Theresa May backs Osborne's 'Northern Powerhouse'

Theresa May Image copyright PA

Theresa May has vowed to press ahead with George Osborne's "Northern Powerhouse" despite having fired him as chancellor.

In a Yorkshire Post article, the prime minister promised to "help the great cities and towns of the North pool their strengths and take on the world".

This includes backing a bid to bring cycling's world championships to Yorkshire.

She also said she would make the Midlands an "engine for growth".

The Northern Powerhouse is the name attached to the government's bid to create a rival economy to London and the South East in the north of England.

It involves devolving new powers from Whitehall, improving transport links and creating new regional mayors to act as figureheads for their regions.

Mrs May's language was similar to that used by Mr Osborne when he set out his vision to create "a collection of northern cities sufficiently close to each other that combined they can take on the world".

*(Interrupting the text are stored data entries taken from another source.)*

(* Let $\Phi=(V,C)$ be a $k$-uniform CNF formula with $n=|V|$ variables in which each variable belongs to at most $d$ clauses, and let $Z$ be its number of satisfying assignments. For $\theta\ge0$ let $Z(\theta)=\sum_{X\in\{0,1\}^V}\exp(-\theta|F(X)|)$, where $F(X)\subseteq C$ is the set of clauses not satisfied by $X$. Given $\varepsilon>0$, let $\ell=nd\left\lceil\ln\frac{4nd}{\varepsilon}\right\rceil$ and $\theta_\ell=\frac{\ell}{dn}$. If $2^k\ge 2\mathrm{e}dk$, then $$Z\le Z(\theta_\ell)\le\exp\left(\frac\varepsilon2\right)Z.$$
   Context: A CNF formula is $k$-uniform if every clause contains exactly $k$ literals on distinct variables (never both $x$ and $\neg x$). *)

From HB Require Import structures.
From mathcomp Require Import all_boot all_order all_algebra.
From mathcomp Require Import all_classical all_reals all_analysis.
Set Implicit Arguments. Unset Strict Implicit. Unset Printing Implicit Defensive.
Import Order.TTheory GRing.Theory Num.Theory.
Local Open Scope ring_scope.

(* A clause over the variable set V (a finType) is a finite function
   V -> option bool: [c v = None] means v does not occur in c, and
   [c v = Some b] means the literal on v occurs with sign b
   (Some true = x_v, Some false = ~ x_v).  In particular a clause has at
   most one literal per variable (never both x and ~x). *)
Definition clause (V : finType) := {ffun V -> option bool}.

Definition cnf (V : finType) := {set clause V}.

Definition cvars (V : finType) (c : clause V) : {set V} :=
  [set v | c v != None].

Definition k_uniform (V : finType) (k : nat) (C : cnf V) : Prop :=
  forall c, c \in C -> #|cvars c| = k.

Definition max_degree_le (V : finType) (d : nat) (C : cnf V) : Prop :=
  forall v : V, (#|[set c in C | v \in cvars c]| <= d)%N.

Definition sat_clause (V : finType) (X : {ffun V -> bool}) (c : clause V) : bool :=
  [exists v, c v == Some (X v)].

Definition unsat_clauses (V : finType) (C : cnf V) (X : {ffun V -> bool}) : {set clause V} :=
  [set c in C | ~~ sat_clause X c].

Definition nsat (V : finType) (C : cnf V) : nat :=
  #|[set X : {ffun V -> bool} | [forall c in C, sat_clause X c]]|.

Definition Ztheta (R : realType) (V : finType) (C : cnf V) (theta : R) : R :=
  \sum_(X : {ffun V -> bool}) expR (- theta * (#|unsat_clauses C X|)%:R).

From HB Require Import structures.
From mathcomp Require Import all_boot all_order all_algebra.
From mathcomp Require Import all_classical all_reals all_analysis.
From mathcomp Require Import fintype finset lra.
Import Order.TTheory GRing.Theory Num.Theory.
Local Open Scope ring_scope.
Set Implicit Arguments. Unset Strict Implicit. Unset Printing Implicit Defensive.

(* Write p = exp(-theta) and F(X) for the set of clauses violated by X. Then
   Z(theta) = sum_(S \subset C) p^|S| #{X | F(X) = S}, and #{X | F(X) = S} is at
   most the number of assignments satisfying C \ S. A counting form of the
   Lovasz local lemma, proved by induction on the clause set, shows that adding
   the clauses of S back to C \ S keeps at least a fraction 2^-|S| of these
   assignments. Hence Z(theta) <= (1 + 2p)^|C| Z <= exp(2p|C|) Z, and |C| <= nd
   together with p <= eps / (4nd) yields the factor exp(eps/2). *)

Section Resampling.
Variables (V : finType) (W : {set V}).
Implicit Types (X Y g : {ffun V -> bool}) (P : pred {ffun V -> bool}).

Lemma card_agree_off Y :
  (#|[set X : {ffun V -> bool} | [forall v in ~: W, X v == Y v]]| = 2 ^ #|W|)%N.
Proof.
pose F v : pred bool := if v \in W then predT else pred1 (Y v).
have -> : #|[set X : {ffun V -> bool} | [forall v in ~: W, X v == Y v]]|
         = #|family F|.
  apply: eq_card => X; rewrite inE.
  by apply/forallP/familyP => XY v; move: (XY v); rewrite /F inE; case: (v \in W).
rewrite card_family foldrE big_map big_enum /= (bigID (mem W)) /=.
rewrite (eq_bigr (fun _ => 2)) => [|v vW]; last by rewrite /F vW card_bool.
rewrite prod_nat_const big1 ?muln1 // => v /negbTE vW.
by rewrite /F vW card1.
Qed.

Definition reset_on g X : {ffun V -> bool} :=
  [ffun v => if v \in W then g v else X v].

(* [reset_on g] maps {X | P X} onto {X | P X, X = g on W}, and each fibre
   consists of the 2^|W| assignments agreeing with its image off W. *)
Lemma card_agree_on P g :
  (forall X Y, {in ~: W, X =1 Y} -> P X = P Y) ->
  (2 ^ #|W| * #|[set X : {ffun V -> bool} | P X && [forall v in W, X v == g v]]| =
   #|[set X : {ffun V -> bool} | P X]|)%N.
Proof.
move=> Poff.
set A := [set X | P X && _].
have resetP X : P (reset_on g X) = P X.
  by apply: Poff => v; rewrite inE ffunE => /negbTE ->.
have resetA X : P X -> reset_on g X \in A.
  move=> PX; rewrite inE resetP PX; apply/forallP => v; apply/implyP => vW.
  by rewrite ffunE vW.
rewrite -[RHS]sum1dep_card (partition_big (reset_on g) (mem A)) //=.
rewrite mulnC -sum_nat_const; apply: eq_bigr => Y.
rewrite inE => /andP [PY /forallP Yg].
rewrite sum1dep_card -(card_agree_off Y); apply: eq_card => X; rewrite !inE.
apply/forallP/andP => [XY|[_ /eqP <-] v]; last first.
  by apply/implyP; rewrite inE ffunE => /negbTE ->.
have resetXY : reset_on g X = Y.
  apply/ffunP => v; rewrite ffunE; case: ifP => vW.
    by move: (Yg v); rewrite vW => /eqP.
  by move: (XY v); rewrite inE vW => /eqP.
by rewrite -resetP resetXY PY.
Qed.
End Resampling.

Section Clauses.
Variable V : finType.
Implicit Types (X Y : {ffun V -> bool}) (c : clause V) (T : cnf V).

Definition sat_cnf T X := [forall c in T, sat_clause X c].

Definition nsat_viol T c := #|[set X | sat_cnf T X && ~~ sat_clause X c]|.

Definition falsifier c : {ffun V -> bool} :=
  [ffun v => if c v is Some b then ~~ b else false].

Lemma sat_clause_agree c X Y :
  {in cvars c, X =1 Y} -> sat_clause X c = sat_clause Y c.
Proof.
suff imp X' Y' : {in cvars c, X' =1 Y'} -> sat_clause X' c -> sat_clause Y' c.
  by move=> XY; apply/idP/idP; apply: imp => // v /XY.
move=> XY /existsP [v /eqP cv]; apply/existsP; exists v.
have vc : v \in cvars c by rewrite inE cv.
by rewrite -(XY v vc) cv.
Qed.

Lemma unsat_clauseE c X :
  ~~ sat_clause X c = [forall v in cvars c, X v == falsifier c v].
Proof.
rewrite negb_exists; apply: eq_forallb => v.
by rewrite inE ffunE; case: (c v) => [b|] //=; case: (X v); case: b.
Qed.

On taking over as prime minister, she appointed Andrew Percy, the MP for the Yorkshire and Lincolnshire constituency of Brigg and Goole, as her Northern Powerhouse minister.

Image caption The Northern Powerhouse initiative aims to encourage economic growth outside of the English capital
Image copyright Getty Images
Image caption Former chancellor George Osborne championed the project

Writing in the Yorkshire Post, she promised investment in the county would not be "disrupted" by leaving the EU, saying the government would "underwrite" EU investment.

She also announced £24m government backing for a bid to bring the cycling world championships to Yorkshire.

"Our backing will include £15m for cycling infrastructure projects, to encourage even greater participation in the sport and continue the proud legacy that has seen our athletes excel at the Rio Games," she added.

In a separate article in the Birmingham Mail, the PM said the city had "untapped potential" and that the Midlands would be a "key part" of her government's industrial strategy.